Further, driven by the indoor heat exchange fans 220, 224, 228 and 232, the heat passes through the indoor heat exchangers 221, 225, 229 and 233, and exchanges heat with the refrigerant evaporated after throttling, then flows out of the indoor heat exchange channels of the indoor heat exchangers 221, 225, 229 and 233, and then is sent to the computer room through the indoor air supply channel to cool the server clusters 01, 02, 03, and 04. The refrigerant gas evaporated in the indoor heat exchangers flows through the indoor heat exchanger return air pipelines 222, 226, 230 and 234, flows into the magnetic levitation compressor 213 through the main return air pipeline 235, then enters the first one-way valve 212 after compression, then enters the outdoor condenser air inlet pipeline 210, then passes through the outdoor heat exchanger air inlet pipelines 206 and 207 respectively, and then enters the outdoor finned heat exchangers 205 and 208. By adjusting the outdoor heat exchange fan 211, the refrigerant in the outdoor heat exchangers is cooled, and the heat of the refrigerant is discharged into the atmosphere, such that the cooled refrigerant changes from the gas to the liquid. Further, the spray cooling system pressurizes the water in the water tank 201 through the water pump 202 and then sends the pressurized water into the spray components 203 and 204, to cool the outdoor heat exchangers 205 and 208, respectively. The cooled refrigerant enters the main refrigerant liquid pipeline 209 through the outdoor heat exchanger liquid outlet pipeline. After being regulated and pressurized by the refrigerant circulating pump 217, the cooled refrigerant is sent through the refrigerant circulating pump liquid outlet pipe 218 to the electronic expansion valves 219, 223, 227, and 231 for throttling. The throttled refrigerant enters the indoor heat exchangers 221, 225, 229 and 233 for evaporation through the throttled refrigerant distribution pipeline again, and then the evaporated refrigerant enters the main return air pipeline 235 again through the return air pipelines 222, 226, 230, and 234. In this way, a complete refrigeration cycle is formed. The outdoor heat exchange fan 211 and the indoor heat exchange fans 220, 224, 228 and 232 may be adjusted respectively according to indoor load of the data center computer room.

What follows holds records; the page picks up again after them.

Lemma jump_times_exist T0 J0 : dom T0 J0 -> exists t, jump_times_upto dom T0 J0 t.
Proof.
case: sol => htd _ hd; have [J [t [t0 [tmono tiff]]]] := htd T0 J0 hd.
have hJ : (J0 < J)%N by case: (proj1 (tiff T0 J0) (conj hd (conj (Rle_refl _) (leqnn _)))).
exists t; split=> // [j hj | j s hj hs | j s hds hs hj].
- by apply: tmono; lia.
- by have [? []] := proj2 (tiff s j) (conj (leq_ltn_trans hj hJ) hs).
- by case: (proj1 (tiff s j) (conj hds (conj hs hj))).
Qed.

Lemma dom_lower s k k' : dom s k -> (k' <= k)%N -> exists s', 0 <= s' <= s /\ dom s' k'.
Proof.
move=> hd hk; have [t jt] := jump_times_exist hd.
have hs : t k <= s <= t k.+1 by case: jt => _ _ _ h; apply: h => //; lra.
exists (t k'); split.
  by split; [apply: (jump_times_ge0 jt); lia | have := jump_times_mono jt hk ltac:(lia); lra].
by apply: (jump_times_dom jt) => //; have := jump_times_step jt hk; lra.
Qed.

Hypothesis lam0 : lam 0 O = O.

Section AlongJumpTimes.
Variables (T0 : R) (J0 : nat) (t : nat -> R).
Hypothesis jt : jump_times_upto dom T0 J0 t.

Lemma jump_times_lam j s : (j <= J0)%N -> t j <= s <= t j.+1 -> lam s j = j.
Proof.
case: sol => [_ [hd00 [_ [_ [_ [hlam hjump]]]]]].
elim: j s => [|j IH] s hj hs; first by rewrite (hlam 0%N s 0) //; exact: (jump_times_dom jt hj hs).
have [d1 d2] := jump_times_jump_dom jt hj; have st := jump_times_step jt (j := j) ltac:(lia).
rewrite (hlam j.+1 s (t j.+1) (jump_times_dom jt hj hs) d2).
by case: (hjump _ _ d1 d2) => _ [_ ->]; rewrite (IH (t j.+1)) //; [lia | lra].
Qed.
Definition in_PPF_K (n : nat) (p : n.-tuple nat) : Prop :=
  is_prime_GPF (@Kmult n) ord0 (tup_fun p).

Definition in_SR_K (n : nat) (c : n.-tuple int) : Prop :=
  strongly_recurrent (@Kmult n) ord0 (tupZ_fun c).

From mathcomp Require Import all_boot all_order all_algebra.
From mathcomp Require Import zify.
Set Implicit Arguments. Unset Strict Implicit. Unset Printing Implicit Defensive.
Import Order.TTheory GRing.Theory Num.Theory.

(* On K_n^0 a vertex v sees exactly |X \ v| vertices of a set X, so the
   G-parking condition "every nonempty S in A has a v with p v <= |A| + 1 - |S|"
   is the classical parking condition on A, and p is decomposable along (A, B)
   exactly when it has a breakpoint at |A|: prime G-parking functions are prime
   parking functions.  Dually, c is recurrent iff n - c is a parking function,
   and strong recurrence asks that n - c stays parking after adding 1 away from
   any vertex where it equals 1; this shifts the counts by one and is primality,
   so SR(K_n^0) = n - PPF_n.  For the count, among the cyclic rotations (mod
   n - 1) of any x : [n] -> Z/(n-1) exactly one, x', makes x' + 1 a prime
   parking function: the rotation by the last minimiser of
   j |-> #{i | x i < j} - j.  Hence |PPF_n| = (n-1)^n / (n-1). *)

Lemma enum_preimage (T U : eqType) (P : U -> Prop) (e : T -> U) (d : U -> T) (l : seq U) :
  injective e -> (forall u, P u -> e (d u) = u) ->
  uniq l -> (forall u, u \in l <-> P u) ->
  exists l' : seq T, [/\ uniq l', forall t, t \in l' <-> P (e t) & size l' = size l].
Proof.
move=> e_inj edK l_uniq mem_l; exists (map d l); split.
- rewrite map_inj_in_uniq // => u v /mem_l/edK eu /mem_l/edK ev duv.
  by rewrite -eu -ev duv.
- move=> t; split=> [/mapP[u /mem_l Pu ->] | Pet]; first by rewrite edK.
  by apply/mapP; exists (e t); [apply/mem_l | apply: e_inj; rewrite edK].
- by rewrite size_map.
Qed.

Further, driven by the indoor heat exchange fans 320, 324, 328 and 332, the heat passes through the indoor heat exchangers 321, 325, 329 and 333, and exchanges heat with the refrigerant evaporated after throttling, then flows out of the indoor heat exchange channels of the indoor heat exchangers 321, 325, 329 and 333, and then is sent to the computer room through the indoor air supply channel to cool the server clusters 01, 02, 03, and 04. The refrigerant gas evaporated in the indoor heat exchangers flows through the indoor heat exchanger return air pipelines 322, 326, 330 and 334, flows into the magnetic levitation compressor 313 through the main return air pipeline 335, then enters the first one-way valve 312 after compression, then enters the outdoor condenser air inlet pipeline 310, then passes through the outdoor heat exchanger air inlet pipelines 306 and 307 respectively, and then enters the outdoor finned heat exchangers 305 and 308. By adjusting the outdoor heat exchange fan 311, the refrigerant in the outdoor heat exchangers is cooled, and the heat of the refrigerant is discharged into the atmosphere, such that the cooled refrigerant changes from the gas to the liquid. Further, the spray cooling system pressurizes the water in the water tank 301 through the water pump 302 and then sends the pressurized water into the spray components 303 and 304, to cool the outdoor heat exchangers 305 and 308, respectively. The cooled refrigerant enters the main refrigerant liquid pipeline 309 through the outdoor heat exchanger liquid outlet pipeline. After being regulated and pressurized by the refrigerant circulating pump 317, the cooled refrigerant is sent through the refrigerant circulating pump liquid outlet pipe 318 to the electronic expansion valves 319, 323, 327, and 331 for throttling. The throttled refrigerant enters the indoor heat exchangers 321, 325, 329 and 333 for evaporation through the throttled refrigerant distribution pipeline again, and then the evaporated refrigerant enters the main return air pipeline 335 again through the return air pipelines 322, 326, 330, and 334. In this way, a complete refrigeration cycle is formed. The outdoor heat exchange fan 311 and the indoor heat exchange fans 320, 324, 328 and 332 may be adjusted respectively according to indoor load of the data center computer room.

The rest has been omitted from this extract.